#P10388. Longest Common Prefix on Two Trees
Longest Common Prefix on Two Trees
Longest Common Prefix on Two Trees
Two teammates are playing a cooperative game. Each teammate is given a tree. The first tree has n nodes and the second tree has m nodes. Each node in both trees has a positive integer weight. The trees are rooted at node 1. Each player must choose a leaf in his/her tree and consider the unique path from the root (node 1) to that leaf. On that path, the sequence of positive integers is recorded by taking the weights of the nodes in order.
Their score is defined as the longest common prefix of these two sequences. In other words, if one player obtains the sequence \(a_1, a_2, \dots, a_k\) and the other obtains \(b_1, b_2, \dots, b_l\), their score is the maximum integer \(L\) such that \(a_i = b_i\) for all \(1 \le i \le L\). If the weights of the two roots differ then the score is 0.
Given the descriptions of the two trees, compute the maximum score that the two players can achieve by individually choosing a leaf from their respective trees.
Note: The input trees are undirected, but you should consider them as rooted at node 1. A leaf is defined as a node with no children in the rooted tree (except possibly the root if it is the only node).
inputFormat
The input is given as follows:
- The first line contains two integers n and m --- the number of nodes in the first and second tree respectively.
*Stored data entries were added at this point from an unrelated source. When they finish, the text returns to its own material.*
Lemma cone2_card a k l (s : seq (nat * nat)) : l != k -> uniq [:: (1, 0), (0, 1) & s]%N ->
  (forall pq, pq \in s -> R a (comb2 k l pq.1 pq.2)) ->
  (forall p q : nat, (0 < p)%N -> (0 < q)%N -> R a (comb2 k l p q) -> (p, q) \in s) ->
  has_card (fun x => R a x /\ in_cone2 k l x) (size s).+2.
Proof.
move=> hlk us Rs sR.
exists (map (fun pq : nat * nat => comb2 k l pq.1 pq.2) [:: (1, 0), (0, 1) & s]%N).
split.
  rewrite map_inj_uniq // => [[p q] [p' q']] /(comb2_inj hlk) /= [].
  by move=> /eqP; rewrite eqz_nat => /eqP -> /eqP; rewrite eqz_nat => /eqP ->.
split=> [|x]; first by rewrite size_map.
split=> [/mapP [pq pq_s ->]|[Rx [p [q ex]]]].
  split; last by exists pq.1, pq.2.
  move: pq_s; rewrite !inE => /orP [/eqP ->|/orP [/eqP ->|/Rs //]].
    by rewrite comb2_10; apply: root_alpha.
  by rewrite comb2_01; apply: root_alpha.
apply/mapP; exists (p, q) => //; rewrite ex -/(comb2 k l p q) in Rx.
have [ax1 ax2] := root_comb2_axis Rx.
case: (posnP p) => [p0|p_gt0]; first by rewrite p0 ax1 // !inE eqxx orbT.
case: (posnP q) => [q0|q_gt0]; first by rewrite q0 ax2 // !inE eqxx.
by rewrite !inE sR ?orbT.
Qed.

Section RankTwo.
Variables (a b : A) (k l : I).
Hypotheses (hka : rho k a = b) (hba : b <> a) (hla : rho l a = a).

Lemma fixed_neq_moved : l != k.
Proof. by apply/eqP => e; apply: hba; rewrite -hka -e. Qed.

Lemma root_comb2_bounds (p q : nat) : (0 < p)%N -> (0 < q)%N -> R a (comb2 k l p q) ->
  q%:Z <= - (p%:Z * C a l k) /\ p%:Z <= - (q%:Z * C a k l).
Proof.
move=> p_gt0 q_gt0 Rv; split.
  have := root_sigma l Rv; rewrite hla sigma_comb2_2 cartan_diag.
  by move=> /(root_comb2_sign fixed_neq_moved); nia.
have := root_sigma k Rv; rewrite hka sigma_comb2_1 cartan_diag.
by move=> /(root_comb2_sign fixed_neq_moved); nia.
Qed.

Lemma orthogonal_fixes : C a k l = 0 -> rho l b = b.
Proof.
move=> ckl0; have hkl : k != l by rewrite eq_sym fixed_neq_moved.
have card2 : has_card (fun x => R a x /\ in_cone2 k l x) 2.
  apply: (@cone2_card a k l [::] fixed_neq_moved) => // p q p_gt0 q_gt0 Rv.
  by have [_] := root_comb2_bounds p_gt0 q_gt0 Rv; rewrite ckl0; lia.
have /= := rho_braid hkl card2; rewrite hla hka => e.
by rewrite -[RHS]hka -e rhoK.
Qed.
- The second line contains n integers, where the i-th integer represents the weight of node i in the first tree.
- Each of the next n - 1 lines contains two integers u and v meaning there is an edge between nodes u and v in the first tree.
- The following line contains m integers, where the i-th integer represents the weight of node i in the second tree.
- Each of the next m - 1 lines contains two integers u and v describing an edge in the second tree.
You may assume that the trees are valid and that node 1 is the root in both trees.
outputFormat
Output a single integer --- the maximum score (i.e. the maximum number of matching nodes from the root in the two chosen root-to-leaf paths) that can be achieved.
If the weights at the roots of the two trees differ, output 0.
sample
3 3
1 2 3
1 2
1 3
1 2 4
1 2
1 32